*INFORMATION SHOWN:*
########################################

(* Let $\mathcal T$ be an MPS with $n$ sites and nonzero contraction, and let $\mathcal C$ be an MPS with the same contraction which is in (left-)canonical form centered at site $n$, with all bond dimensions of $\mathcal C$ at most $D$. Then, up to $O(\epsilon^2)$ as $\epsilon\to0$, $$\sup_{\beta}\mathscr E_r(\mathcal C,\beta)\le\frac{1+(n-1)\sqrt D}{n}\,\sup_{\alpha}\mathscr E_r(\mathcal T,\alpha),$$ where the suprema run over $\epsilon$-perturbations $\beta$ of $\mathcal C$ and $\alpha$ of $\mathcal T$. Moreover, when all bond dimensions equal $D$, the factor $\frac{1+(n-1)\sqrt D}{n}$ cannot be improved (as a function of $n$ and $D$).
   Context: MPS: an MPS with $n$ sites is a tensor network on a path: site $j$ carries a physical (uncontracted) leg $p_j$, and for $1\le j\le n-1$ a bond (contracted leg) $b_j$ of dimension $D_j$ joins sites $j$ and $j+1$; site tensors have legs $(p_1,b_1)$, $(b_{j-1},p_j,b_j)$ for $1<j<n$, and $(b_{n-1},p_n)$. The contraction sums over all bond indices the product of the site entries. An MPS $(\mathbf C^{(1)},\dots,\mathbf C^{(n)})$ is in (left-)canonical form centered at site $n$ if for every $j\le n-1$ the matricization of $\mathbf C^{(j)}$ with rows indexed by $(b_{j-1},p_j)$ (just $p_1$ for $j=1$) and columns by $b_j$ is an isometry. An $\epsilon$-perturbation of an MPS with sites $\mathbf T^{(i)}$ is a tuple $(\delta^{(i)})$, $\delta^{(i)}$ of the shape of $\mathbf T^{(i)}$, with $\|\delta^{(i)}\|_F\le\epsilon\|\mathbf T^{(i)}\|_F$; $\mathscr E_r$ denotes $\|\hat{\mathbf T}-\mathbf T\|_F/\|\mathbf T\|_F$ where $\hat{\mathbf T}$ is the contraction of the perturbed sites. $\|\cdot\|_F$ Frobenius norm. *)

From Stdlib Require Import Reals Lra Lia Arith.
Open Scope R_scope.

Fixpoint fsum (m : nat) (f : nat -> R) : R :=
  match m with
  | O => 0
  | S k => fsum k f + f k
  end.

Definition upd (p : nat -> nat) (k x : nat) : nat -> nat :=
  fun j => if Nat.eqb j k then x else p j.

(* msum n d F = sum of F p over all multi-indices p with p j < d j for j < n
   (and p j = 0 for j >= n). *)
Fixpoint msum (n : nat) (d : nat -> nat) (F : (nat -> nat) -> R) : R :=
  match n with
  | O => F (fun _ => O)
  | S k => msum k d (fun p => fsum (d k) (fun x => F (upd p k x)))
  end.

(* An MPS with n sites, numbered 0 .. n-1.
   Physical dimensions: d : nat -> nat (site j has physical dimension d j).
   Bond dimensions: Db : nat -> nat, where bond j (1 <= j <= n-1) joins
   sites j-1 and j (0-based) and has dimension Db j; the boundary
   "bonds" 0 and n are dummy legs of dimension 1 (see bonds_ok), so that
   site 0 effectively has legs (p, b_1) and site n-1 legs (b_{n-1}, p).
   Site tensor of site j : A j a x b, with a < Db j (left bond),
   x < d j (physical), b < Db (S j) (right bond). *)
Definition site := nat -> nat -> nat -> R.
Definition mps := nat -> site.

Definition bonds_ok (n : nat) (Db : nat -> nat) : Prop :=
  Db O = 1%nat /\ Db n = 1%nat.

Fixpoint contr_vec (Db : nat -> nat) (A : mps) (p : nat -> nat) (k : nat)
  : nat -> R :=
  match k with
  | O => fun b => if Nat.eqb b 0 then 1 else 0
  | S k' => fun b => fsum (Db k') (fun a => contr_vec Db A p k' a * A k' a (p k') b)
  end.

Definition contract (n : nat) (Db : nat -> nat) (A : mps) (p : nat -> nat) : R :=
  contr_vec Db A p n O.

Definition site_norm (dl dp dr : nat) (S : site) : R :=
  sqrt (fsum dl (fun a => fsum dp (fun x => fsum dr (fun b => (S a x b) ^ 2)))).

Definition site_norm_at (d Db : nat -> nat) (A : mps) (j : nat) : R :=
  site_norm (Db j) (d j) (Db (S j)) (A j).

Definition contr_norm (n : nat) (d Db : nat -> nat) (A : mps) : R :=
  sqrt (msum n d (fun p => (contract n Db A p) ^ 2)).

Definition contr_dist (n : nat) (d Db1 : nat -> nat) (A1 : mps)
  (Db2 : nat -> nat) (A2 : mps) : R :=
  sqrt (msum n d (fun p => (contract n Db1 A1 p - contract n Db2 A2 p) ^ 2)).

Definition nonzero_contraction (n : nat) (d Db : nat -> nat) (A : mps) : Prop :=
  exists p, (forall j, (j < n)%nat -> (p j < d j)%nat) /\ contract n Db A p <> 0.

Definition same_contraction (n : nat) (d Db1 : nat -> nat) (A1 : mps)
  (Db2 : nat -> nat) (A2 : mps) : Prop :=
  forall p, (forall j, (j < n)%nat -> (p j < d j)%nat) ->
    contract n Db1 A1 p = contract n Db2 A2 p.

(* Left-canonical form centered at the last site: for every site j except
   the last one, the matricization with rows (left bond, physical) and
   columns (right bond) is an isometry, i.e. M^T M = I. *)
Definition left_canonical (n : nat) (d Db : nat -> nat) (C : mps) : Prop :=
  forall j, (S j < n)%nat ->
    forall b b', (b < Db (S j))%nat -> (b' < Db (S j))%nat ->
      fsum (Db j) (fun a => fsum (d j) (fun x => C j a x b * C j a x b'))
      = if Nat.eqb b b' then 1 else 0.

Definition is_perturbation (n : nat) (d Db : nat -> nat) (A : mps) (eps : R)
  (delta : mps) : Prop :=
  forall j, (j < n)%nat ->
    site_norm_at d Db delta j <= eps * site_norm_at d Db A j.

Definition perturb (A delta : mps) : mps :=
  fun j a x b => A j a x b + delta j a x b.

Definition rel_err (n : nat) (d Db : nat -> nat) (A delta : mps) : R :=
  contr_dist n d Db (perturb A delta) Db A / contr_norm n d Db A.

Definition err_set (n : nat) (d Db : nat -> nat) (A : mps) (eps : R) : R -> Prop :=
  fun r => exists delta, is_perturbation n d Db A eps delta /\
                         r = rel_err n d Db A delta.

Definition factor (n D : nat) : R :=
  (1 + INR (n - 1) * sqrt (INR D)) / INR n.

Definition sup_bound_up_to_O_eps2 (n : nat) (d DC : nat -> nat) (C : mps)
  (DT : nat -> nat) (T : mps) (c : R) : Prop :=
  exists K eps0, 0 < eps0 /\
    forall eps, 0 < eps < eps0 ->
      forall sC sT, is_lub (err_set n d DC C eps) sC ->
                    is_lub (err_set n d DT T eps) sT ->
                    sC <= c * sT + K * eps ^ 2.

(* Let H_j be the canonical MPS C with its first j sites perturbed.  The error
   telescopes as the sum over j of contract H_(j+1) - contract H_j, and the j-th
   term factors through bond j+1 as (left part) * (right part).  In left-canonical
   form the left environments of C (partial contractions up to a bond) are
   orthonormal, so to first order the left part is the perturbation delta_j of
   site j seen through an isometry (norm <= eps ||C_j||), and the right part has
   norm ||C|| for an inner site and 1 for the last one.  Since ||C_j||^2 is the
   bond dimension for an inner site and ||C_(n-1)|| = ||C||, the relative error is
   at most eps (1 + (n-1) sqrt D) + O(eps^2); the O(eps^2) comes from the left
   environments of the perturbed sites, whose deviation grows at most
   geometrically.  Scaling every site of T by 1 + eps is an eps-perturbation with
   relative error (1+eps)^n - 1 >= n eps, which gives the factor.
   For sharpness, take the product state T = e_0 (x) e_0 (x) ... with the first
   physical leg of dimension D, and the canonical C that carries the first
   physical index along bonds of dimension D: perturbing each inner site of C by
   eps sqrt D on the entry (0,0,0) and the last site by eps C_(n-1) multiplies
   the contraction by (1+eps)(1 + eps sqrt D)^(n-1), while T is itself
   left-canonical with bond dimension 1, so its errors are at most n eps + O(eps^2). *)

From Stdlib Require Import Reals.
From Stdlib Require Import Lra Lia Arith FunctionalExtensionality.
Open Scope R_scope.

(** * Finite sums and inequalities *)

Lemma fsum_ext N f g : (forall i, (i < N)%nat -> f i = g i) -> fsum N f = fsum N g.
Proof.
  induction N; simpl; intros H; auto.
  rewrite IHN, H by (intros; try apply H; lia). reflexivity.
Qed.

Lemma fsum_plus N f g : fsum N (fun i => f i + g i) = fsum N f + fsum N g.
Proof. induction N; simpl; [lra | rewrite IHN; lra]. Qed.

Lemma fsum_minus N f g : fsum N (fun i => f i - g i) = fsum N f - fsum N g.
Proof. induction N; simpl; [lra | rewrite IHN; lra]. Qed.

Lemma fsum_scal N c f : fsum N (fun i => c * f i) = c * fsum N f.
Proof. induction N; simpl; [lra | rewrite IHN; lra]. Qed.

Lemma fsum_scal_r N c f : fsum N (fun i => f i * c) = fsum N f * c.
Proof. induction N; simpl; [lra | rewrite IHN; lra]. Qed.

Lemma fsum_zero N : fsum N (fun _ => 0) = 0.
Proof. induction N; simpl; [lra | rewrite IHN; lra]. Qed.

Lemma fsum_const N c : fsum N (fun _ => c) = INR N * c.
Proof. induction N; simpl fsum; [simpl; lra | rewrite IHN, S_INR; lra]. Qed.

Lemma fsum_1 f : fsum 1 f = f O.
Proof. simpl. ring. Qed.

Lemma fsum_last N f : (1 <= N)%nat -> fsum N f = fsum (N - 1) f + f (N - 1)%nat.
Proof. intros. destruct N; [lia |]. simpl. rewrite Nat.sub_0_r. reflexivity. Qed.

Lemma fsum_telescope N f : fsum N (fun j => f (S j) - f j) = f N - f O.
Proof. induction N; simpl; [lra | rewrite IHN; lra]. Qed.

Lemma fsum_le N f g : (forall i, (i < N)%nat -> f i <= g i) -> fsum N f <= fsum N g.
Proof.
  induction N; simpl; intros H; [lra |].
  apply Rplus_le_compat; [apply IHN; intros |]; apply H; lia.
Qed.

Lemma fsum_nonneg N f : (forall i, (i < N)%nat -> 0 <= f i) -> 0 <= fsum N f.
Proof. intros H. rewrite <- (fsum_zero N). apply fsum_le. exact H. Qed.

Lemma fsum_term_le N f k :
  (k < N)%nat -> (forall i, (i < N)%nat -> 0 <= f i) -> f k <= fsum N f.
Proof.
  induction N; intros Hk H; [lia |]. simpl.
  destruct (Nat.eq_dec k N) as [-> | Hne].
  - assert (0 <= fsum N f) by (apply fsum_nonneg; intros; apply H; lia). lra.
  - assert (f k <= fsum N f) by (apply IHN; [lia | intros; apply H; lia]).
    specialize (H N ltac:(lia)). lra.
Qed.

Lemma fsum_swap N M F :
  fsum N (fun i => fsum M (fun j => F i j)) = fsum M (fun j => fsum N (fun i => F i j)).
Proof. induction N; simpl; [rewrite fsum_zero; auto | rewrite IHN, <- fsum_plus; auto]. Qed.

Lemma fsum_swap3 N1 N2 N3 G :
  fsum N1 (fun x => fsum N2 (fun b => fsum N3 (fun a => G x b a))) =
  fsum N3 (fun a => fsum N1 (fun x => fsum N2 (fun b => G x b a))).
Proof.
  rewrite (fsum_ext N1 _ (fun x => fsum N3 (fun a => fsum N2 (fun b => G x b a))))
    by (intros; apply fsum_swap).
  apply fsum_swap.
Qed.

Lemma fsum_swap4 N1 N2 N3 N4 G :
  fsum N1 (fun x => fsum N2 (fun b => fsum N3 (fun a => fsum N4 (fun a' => G x b a a')))) =
  fsum N3 (fun a => fsum N4 (fun a' => fsum N1 (fun x => fsum N2 (fun b => G x b a a')))).
Proof. rewrite fsum_swap3. apply fsum_ext. intros a _. apply fsum_swap3. Qed.

Lemma fsum_prod N M f g :
  fsum N f * fsum M g = fsum N (fun a => fsum M (fun a' => f a * g a')).
Proof. rewrite <- fsum_scal_r. apply fsum_ext. intros. rewrite fsum_scal. reflexivity. Qed.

########################################

*WHAT THE TASK ASKS:* Tally the lines in the material above that contain "Fixpoint". Respond with the number and nothing else.

*EXPECTED ANSWER:* 3